Global Best Practices

  • Regulated Asset Base (RAB) model: Allows utilities to recover investments through tariffs with assured returns, providing long-term revenue certainty.
  • UK’s RIIO framework (Revenue = Incentives + Innovation + Outputs): Links revenues to performance targets like reliability, service quality, and carbon reduction, incentivising efficiency.
  • Digital infrastructure: Smart grids and India Energy Stack can improve transparency in asset management and efficiency-based recovery.
  • These models suggest that regulatory assets should remain exceptional tools rather than recurring features.

Source: TH

DISCOMs FAQs

Q1: What are regulatory assets in the power sector?

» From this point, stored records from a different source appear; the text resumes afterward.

(* Let $k\in\mathbb{Z}_+$ and let $a\in L_1(\mathbb{R}_+)$ be such that $\gamma_{a,k}\in L_\infty(\mathbb{R}_+)$, where $\gamma_{a,k}(\xi)=2\xi\int_{\mathbb{R}_+}a(v)\,\ell_k^2(2v\xi)\,\mathrm{d}v$, $\xi>0$. Then for each $n=1,2,\dots$, $$\lim_{\xi\to+\infty}\frac{\mathrm{d}^n\gamma_{a,k}(\xi)}{\mathrm{d}\xi^n}=0.$$
   Context: $\mathbb{R}_+=(0,\infty)$, $\mathbb{Z}_+=\{0,1,2,\dots\}$. $L_k(x)=\sum_{i=0}^k(-1)^i\binom{k}{i}\frac{x^i}{i!}$ is the Laguerre polynomial of degree $k$ and $\ell_k(x)=e^{-x/2}L_k(x)$. *)

From HB Require Import structures.
From mathcomp Require Import all_boot all_order all_algebra.
From mathcomp Require Import all_classical all_reals all_analysis.
Set Implicit Arguments. Unset Strict Implicit. Unset Printing Implicit Defensive.
Import Order.TTheory GRing.Theory Num.Theory.
Import numFieldNormedType.Exports.
Local Open Scope classical_set_scope.
Local Open Scope ring_scope.

Definition laguerre {R : realType} (k : nat) (x : R) : R :=
  \sum_(0 <= i < k.+1) ((-1) ^+ i * ('C(k, i))%:R * x ^+ i / (i`!)%:R).

Definition laguerre_fun {R : realType} (k : nat) (x : R) : R :=
  expR (- x / 2) * laguerre k x.

Definition gamma_ak {R : realType} (a : R -> R) (k : nat) (xi : R) : R :=
  2 * xi * Rintegral (@lebesgue_measure R) `]0, +oo[%classic
    (fun v => a v * (laguerre_fun k (2 * v * xi)) ^+ 2).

Ans: They are unrecovered revenue gaps between the Average Cost of Supply and revenue collected, deferred for future recovery.

Q2: Why did the Supreme Court intervene in regulatory assets?

Ans: To ensure DISCOMs clear accumulated gaps within a timeline and prevent financial distress in the power sector.

Q3: How do regulatory assets affect consumers?

Ans: They delay tariff hikes initially but lead to steeper costs later, including carrying charges.

Q4: What reforms can reduce regulatory asset dependence?

Ans: Cost-reflective tariffs, timely subsidy release, automatic fuel adjustments, and annual true-ups.

Q5: What global models can India adopt for power sector reforms?

Ans: The UK’s RIIO framework and Regulated Asset Base (RAB) model linking revenues to efficiency and innovation.